ACTIVITY: Show each line of the records in which the word "nzRingType" occurs.

GIVEN RECORDS:
Lemma cvg_det p (f : T -> 'M[K]_p) (l : 'M[K]_p) :
  f t @[t --> F] --> l -> \det (f t) @[t --> F] --> \det l.
Proof.
move=> /cvg_mxP fl; rewrite /determinant.
apply: cvg_big => [|s _]; first exact: add_continuous.
apply: cvgM; first exact: cvg_cst.
apply: cvg_big => [|i _]; [exact: mul_continuous | exact: fl].
Qed.

Lemma cvg_adj p (f : T -> 'M[K]_p) (l : 'M[K]_p) :
  f t @[t --> F] --> l -> \adj (f t) @[t --> F] --> \adj l.
Proof.
move=> /cvg_mxP fl; apply/cvg_mxP => i j.
under eq_cvg do rewrite mxE /cofactor; rewrite mxE /cofactor.
apply: cvgM; first exact: cvg_cst.
apply: cvg_det; apply/cvg_mxP => k k'.
by under eq_cvg do rewrite !mxE; rewrite !mxE; exact: fl.
Qed.

Lemma near_unitmx p (f : T -> 'M[K]_p) (l : 'M[K]_p) : l \in unitmx ->
  f t @[t --> F] --> l -> \forall t \near F, f t \in unitmx.
Proof.
rewrite unitmxE unitfE => detl0 fl.
by apply: filterS (cvgr_neq0 _ (cvg_det fl) detl0) => t; rewrite unitmxE unitfE.
Qed.

(* Off [unitmx], [invmx A = A]; near a unit limit the adjugate formula applies. *)
Lemma cvg_invmx p (f : T -> 'M[K]_p) (l : 'M[K]_p) : l \in unitmx ->
  f t @[t --> F] --> l -> invmx (f t) @[t --> F] --> invmx l.
Proof.
move=> l_unit fl; pose g t := (\det (f t))^-1 *: \adj (f t).
have g_invmx : \forall t \near F, g t = invmx (f t).
  by apply: filterS (near_unitmx l_unit fl) => t ft_unit; rewrite /invmx ft_unit.
apply: cvg_trans (near_eq_cvg g_invmx) _.
rewrite /invmx l_unit; apply: cvgZ (cvg_adj fl); apply: cvgV (cvg_det fl).
by rewrite -unitfE -unitmxE.
Qed.

Section RowFreeLimit.
Variables (m k : nat) (Y : T -> 'M[K]_(m, k)) (Y0 : 'M[K]_(m, k)).
Hypotheses (cvgY : Y t @[t --> F] --> Y0) (Y0_free : row_free Y0).

(* With [Y0 *m Z = 1], the solution is [r t *m Z *m invmx (Y t *m Z)]. *)
Lemma cvg_row_free_solve (r : T -> 'rV[K]_k) : r t @[t --> F] --> (0 : 'rV_k) ->
  exists2 D : T -> 'rV[K]_m, D t @[t --> F] --> (0 : 'rV_m) &
    \forall t \near F, forall c, c *m Y t = r t -> c = D t.
Proof.
move=> r0; have [Z Y0Z] := row_freeP Y0_free.
have cvgG : Y t *m Z @[t --> F] --> (1%:M : 'M[K]_m).
  by rewrite -Y0Z; exact: cvg_mulmx cvgY (cvg_cst _).
have one_unit : (1%:M : 'M[K]_m) \in unitmx by rewrite unitmx1.
exists (fun t => r t *m Z *m invmx (Y t *m Z)).
  have -> : (0 : 'rV[K]_m) = 0 *m Z *m invmx 1%:M by rewrite !mul0mx.
  exact: cvg_mulmx (cvg_mulmx r0 (cvg_cst _)) (cvg_invmx one_unit cvgG).
apply: filterS (near_unitmx one_unit cvgG) => t G_unit c <-.
by rewrite -[c *m Y t *m Z]mulmxA mulmxK.
Qed.

Lemma near_row_free_inj :
  \forall t \near F, forall c : 'rV[K]_m, c *m Y t = 0 -> c = 0.
Proof.
have [D _] := cvg_row_free_solve (cvg_cst (0 : 'rV[K]_k)).
apply: filterS => t solD c cY0.
by rewrite (solD c cY0) -(solD 0) ?mul0mx.
Qed.

End RowFreeLimit.

End MatrixLimits.

Definition coord2_mx {C : nzRingType} {n} (p q : 'I_n) : 'M[C]_(n, 2) :=
  colsub (fun j : 'I_2 => if j == 0 then p else q) 1%:M.

Lemma coord2_mx_eq0 (C : nzRingType) n (p q : 'I_n) (c : 'rV[C]_n) :
  c *m coord2_mx p q = 0 <-> c 0 p = 0 /\ c 0 q = 0.
Proof.
rewrite /coord2_mx mulmx_colsub mulmx1; split=> [/rowP c0 | [cp cq]].
  by split; [have := c0 0 | have := c0 1]; rewrite !mxE.
by apply/rowP => j; rewrite !mxE; case: ifP.
Qed.

Section Wedge.
Variables (C : fieldType) (n : nat).
Implicit Types (u v w : 'rV[C]_n) (s t : C).

Lemma wedgeE u v i j : rv_wedge u v i j = u 0 i * v 0 j - v 0 i * u 0 j.
Proof. by rewrite /rv_wedge !mxE !big_ord1 !mxE. Qed.

Lemma wedge_skew u v : rv_skew (rv_wedge u v).
Proof. apply/matrixP => i j; rewrite !(wedgeE, mxE); ring. Qed.

Lemma wedgeC u v : rv_wedge v u = - rv_wedge u v.
Proof. apply/matrixP => i j; rewrite !(wedgeE, mxE); ring. Qed.

Lemma wedgeDr u v w : rv_wedge u (v + w) = rv_wedge u v + rv_wedge u w.
Proof. apply/matrixP => i j; rewrite !(wedgeE, mxE); ring. Qed.

Lemma wedgeZr u v s : rv_wedge u (s *: v) = s *: rv_wedge u v.
Proof. apply/matrixP => i j; rewrite !(wedgeE, mxE); ring. Qed.

Lemma wedgeBr u v w : rv_wedge u (v - w) = rv_wedge u v - rv_wedge u w.
Proof. apply/matrixP => i j; rewrite !(wedgeE, mxE); ring. Qed.

Lemma wedge_combr u v s t :
  rv_wedge u (s *: u + t *: v) = t *: rv_wedge u v.
Proof. apply/matrixP => i j; rewrite !(wedgeE, mxE); ring. Qed.

(* [u] is recovered from two rows of [u /\ v] (a Plücker relation). *)
Lemma wedge_entry_scale u v p q :
  rv_wedge u v p q *: u = u 0 q *: row p (rv_wedge u v) - u 0 p *: row q (rv_wedge u v).
Proof. apply/rowP => j; rewrite !(wedgeE, mxE); ring. Qed.

Lemma wedge_eq0_colinear u v : u != 0 -> rv_wedge u v = 0 -> exists l, v = l *: u.
Proof.
move=> /rV0Pn[i ui0] uv0; exists (v 0 i / u 0 i); apply/rowP => j; rewrite mxE.
have /eqP : rv_wedge u v i j = 0 by rewrite uv0 mxE.
by rewrite wedgeE subr_eq0 => /eqP uvij; apply: (mulfI ui0); rewrite uvij; field.
Qed.

Lemma wedge0l v : rv_wedge 0 v = 0.
Proof. apply/matrixP => i j; rewrite !(wedgeE, mxE); ring. Qed.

ANSWER SECTION:
Definition coord2_mx {C : nzRingType} {n} (p q : 'I_n) : 'M[C]_(n, 2) :=
Lemma coord2_mx_eq0 (C : nzRingType) n (p q : 'I_n) (c : 'rV[C]_n) :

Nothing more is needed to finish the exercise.